Many to many relationships are slightly more complicated. In my database, a restaurant may be associated with many categories (Cafe, Italian, Chinese Food, etc.), and each category will be associated with many restaurants. This means that I need to set up a table for categories, and a junction table that joins the restaurant and category information. I also need to establish relationships between the restaurant/category tables and the junction table, as follows:
class Restaurant(Base):
__tablename__ = 'restaurant'
restaurant_id = Column(String(250), index = True, primary_key = True)
ages_allowed = Column(String(250))
price_range = Column(Integer)
categories = relationship('Category', secondary = 'restaurant_category')
class Category(Base):
__tablename__ = 'category'
category_id = Column(Integer, primary_key = True)
restaurants = relationship('Restaurant', secondary = 'restaurant_category')
name = Column(String(250), nullable = False)
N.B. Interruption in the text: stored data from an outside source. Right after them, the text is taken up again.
(* The smallest cardinality of a self-binding group is at most $\mathfrak{se}$.
   Context: All groups are abelian. A group is torsionless if it embeds in $\mathbb{Z}^I$ for some set $I$. Rank means torsion-free rank. A group $G$ binds a subgroup $H$ if every homomorphism from $G$ to a free abelian group maps $H$ into a group of finite rank. A torsionless group is self-binding if it has infinite rank and binds itself. A torsionless group $G$ exhibits the Specker phenomenon if there is a sequence $(a_n)_{n\in\omega}$ of nonzero elements of $G$ such that every homomorphism $G\to\mathbb{Z}$ maps all but finitely many $a_n$ to $0$. $\mathfrak{se}$ denotes the smallest cardinality of a group exhibiting the Specker phenomenon (equivalently, the smallest cardinality of a group $G$ with $\mathbb{Z}^{(\omega)}\subseteq G\subseteq\mathbb{Z}^\omega$ such that every homomorphism $G\to\mathbb{Z}$ vanishes on all but finitely many standard unit vectors $e_n$). *)

From Stdlib Require List.
From mathcomp Require Import all_boot all_order all_algebra.
Set Implicit Arguments. Unset Strict Implicit. Unset Printing Implicit Defensive.
Import GRing.Theory.
Local Open Scope ring_scope.

(* additive maps G -> Z^I, represented pointwise as G -> I -> int *)
Definition additive_fun (G : zmodType) (I : Type) (e : G -> I -> int) : Prop :=
  forall x y i, e (x + y) i = e x i + e y i.

Definition torsionless (G : zmodType) : Prop :=
  exists (I : Type) (e : G -> I -> int), additive_fun e /\ injective e.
class Restaurant_Category(Base):
__tablename__ = 'restaurant_category'
category_id = Column(Integer, ForeignKey('category.category_id'),
primary_key = True)
restaurant_id = Column(String(250), ForeignKey('restaurant.restaurant_id'),
primary_key = True)
The gist of this is that I set up a separate junction table in
SQLalchemy, which specifies that its columns are foreign keys, and
that they form a composite primary key for the table (by setting
primary_key = True
for both columns). I also set up a relationship
for both Restaurant
and Category
, telling SQLalchemy that this
relationship is specified by a secondary table, in this case
restaurant_category
.
Populating and Querying your Database
To create these tables in your database of choice, take your engine object and run:
Base.metadata.create_all(engine)
Populating the database is pretty easy, once you’ve set up the schema. Adding a category is as simple as:
category = Category(name=item)
session.add(category)
If you want to add a restaurant and link it to the category, you
can append the category to the Restaurant
object:
restaurant = Restaurant(restaurant_id = 'ABC123', price_range = 1)
restaurant.categories.append(category)
session.add(restaurant)
session.commit()
Querying tables with the ORM is a powerful way to work with your database, but it takes some getting used to.
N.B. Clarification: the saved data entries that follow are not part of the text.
Lemma ex_pD_of_smooth3 f d : smooth3 f -> ex_pD d f.
Proof. intros H. apply (proj2 (C1_3_of_smooth3 f H)). Qed.

Lemma pD_dS_dT_comm f : smooth3 f -> forall s t x, pD dS (pD dT f) s t x = pD dT (pD dS f) s t x.
Proof.
  intros H s t x. apply (Schwarz (fun u v => f u v x) s t).
  - exists (mkposreal 1 Rlt_0_1). intros u v _ _. repeat split.
    + apply (ex_pD_of_smooth3 f dS H u v x).
    + apply (ex_pD_of_smooth3 f dT H u v x).
    + apply (ex_pD_of_smooth3 (pD dT f) dS (smooth3_pD f dT H) u v x).
    + apply (ex_pD_of_smooth3 (pD dS f) dT (smooth3_pD f dS H) u v x).
  - apply (continuous3_st (iterD (dS :: dT :: nil) f)), continuous3_iterD, H.
  - apply (continuous3_st (iterD (dT :: dS :: nil) f)), continuous3_iterD, H.
Qed.

Lemma pD_dS_dX_comm f : smooth3 f -> forall s t x, pD dS (pD dX f) s t x = pD dX (pD dS f) s t x.
Proof.
  intros H s t x. apply (Schwarz (fun u v => f u t v) s x).
  - exists (mkposreal 1 Rlt_0_1). intros u v _ _. repeat split.
    + apply (ex_pD_of_smooth3 f dS H u t v).
    + apply (ex_pD_of_smooth3 f dX H u t v).
    + apply (ex_pD_of_smooth3 (pD dX f) dS (smooth3_pD f dX H) u t v).
    + apply (ex_pD_of_smooth3 (pD dS f) dX (smooth3_pD f dS H) u t v).
  - apply (continuous3_sx (iterD (dS :: dX :: nil) f)), continuous3_iterD, H.
  - apply (continuous3_sx (iterD (dX :: dS :: nil) f)), continuous3_iterD, H.
Qed.

(** * Integrals over the torus *)

Lemma two_PI_gt_0 : 0 < 2 * PI.
Proof. pose proof PI_RGT_0. lra. Qed.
category = session.query(Category)
A basic query on a class like the one above is equivalent to the SQL
SELECT * FROM category
. Note that it returns a query object, so that
the query can be refined over multiple lines.
category = category.filter(Category.name == 'Cafe')
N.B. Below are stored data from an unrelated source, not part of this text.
(* (i) Let $Q$ be a QNP and $\pi$ a policy for $Q$. If $\tau=s_0,s_1,\dots$ is an infinite $\pi$-trajectory of $Q$, then the sequence of boolean states $\bar\tau=\bar s_0,\bar s_1,\dots$ is an infinite $\pi$-trajectory of the FOND problem $P=T_D(Q)$. (ii) The converse fails: there exist a QNP $Q$, a policy $\pi$ for $Q$ and an infinite $\pi$-trajectory $\bar s_0,\bar s_1,\dots$ of $T_D(Q)$ (from its initial state) such that there is no infinite $\pi$-trajectory $s_0,s_1,\dots$ of $Q$ whose boolean states are $\bar s_0,\bar s_1,\dots$.
   Context: A qualitative numerical problem (QNP) is a tuple $Q=\langle F,V,I,O,G\rangle$ where $F$ is a finite set of propositional variables and $V$ a finite set of numerical variables taking non-negative real values. $F$-literals are $p,\neg p$; $V$-literals are $X=0$ and $X>0$. $I$ and $G$ are consistent sets of $F$- and $V$-literals. Each action $a\in O$ has a precondition $Pre(a)$ (set of $F$- and $V$-literals), propositional effects $\mathit{Eff}(a)$ (set of $F$-literals) and numerical effects $N(a)$ (atoms $Inc(X)$, $Dec(X)$, at most one per variable); if $Dec(X)\in N(a)$ then $X>0\in Pre(a)$. A state $s$ assigns a truth value to each $p\in F$ and a real $s[X]\ge0$ to each $X\in V$. Initial states satisfy $I$ under a closed-world assumption. $a$ is applicable in $s$ if $s$ satisfies $Pre(a)$; goal states satisfy $G$. For applicable $a$, $s'\in F(a,s)$ iff propositional effects are applied (other atoms unchanged), $s'[X]>s[X]$ if $Inc(X)\in N(a)$, $s'[X]<s[X]$ if $Dec(X)\in N(a)$, and $s'[X]=s[X]$ otherwise. A trajectory is a sequence $s_0,a_0,s_1,\dots$ with $s_0$ initial, $a_i$ applicable in $s_i$, $s_{i+1}\in F(a_i,s_i)$, which for some $\epsilon>0$ is an $\epsilon$-trajectory: for all $X,i$, $s_{i+1}[X]\ne s_i[X]$ implies $|s_{i+1}[X]-s_i[X]|\ge\epsilon$ or $0=s_{i+1}[X]<s_i[X]<\epsilon$. The boolean state $\bar s$ of $s$ is the truth valuation on the atoms $p\in F$ and $X=0$. A policy is a partial map $\pi$ from states to actions with $\pi(s)=\pi(s')$ whenever $\bar s=\bar s'$; a $\pi$-trajectory has $a_i=\pi(s_i)$. A FOND problem has propositional states, a unique initial state, and actions with possibly nondeterministic effects $E_1\mid\cdots\mid E_k$; a $\pi$-trajectory is a sequence $t_0,t_1,\dots$ from the initial state with $\pi(t_i)$ applicable and $t_{i+1}$ a possible successor. The direct translation $T_D(Q)$ is the FOND problem over $F\cup\{p_{X=0}:X\in V\}$ obtained by reading $X=0$ as $p_{X=0}$ and $X>0$ as $\neg p_{X=0}$ in $I$, $G$, preconditions, keeping propositional effects, replacing $Inc(X)$ by the deterministic effect $\neg p_{X=0}$ and $Dec(X)$ by the nondeterministic effect $\neg p_{X=0}\mid p_{X=0}$. Its states are the boolean states of $Q$ and $\pi$ is used on it via $\bar s\mapsto\pi(s)$. *)

From Stdlib Require Import Reals List FinFun.
Import ListNotations.
Open Scope R_scope.
Set Implicit Arguments.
This line will find all category rows with the name ‘Cafe’. Note that this can also be run as a single line:
category = session.query(Category).filter(Category.name == 'Cafe')
There are many other ways to filter and adapt your queries, many of which are listed in this tutorial. If you set up logging, you can look at the actual SQL that is being run, which can help you debug and improve your queries.
The aspect of SQLalchemy I found most confusing is figuring out how to access actual table information from the query object. There are a few approaches to this. If there are multiple rows that match your query, you can iterate over them or put them all in a list:
for row in category:
print row.name
## this is equivalent to the code above,
## but stores each Category object in a list
cats = category.all()
for cat in cats:
print cat.name
If you only want a single row from your query, you can use
category.first()
to get the first match. It’s important to note that
the query object is giving you rows in the form of a Category
object. We can use these objects to take advantage of all of the
relationships we set up before:
mycategory = category.first()
## let's get all of the restaurants associated with this category:
category_rest = mycategory.restaurants
## what is the first restaurant that matches?
firstrest = category_rest[0]
## what are all of the categories associated with this restaurant?
some_categories = firstrest.categories
for cat in some_categories:
print cat.name
As you can see, you can do some complex and recursive things with these objects! If you have a complicated schema, the overhead of setting up the ORM in SQLalchemy is, in my opinion, really worth it.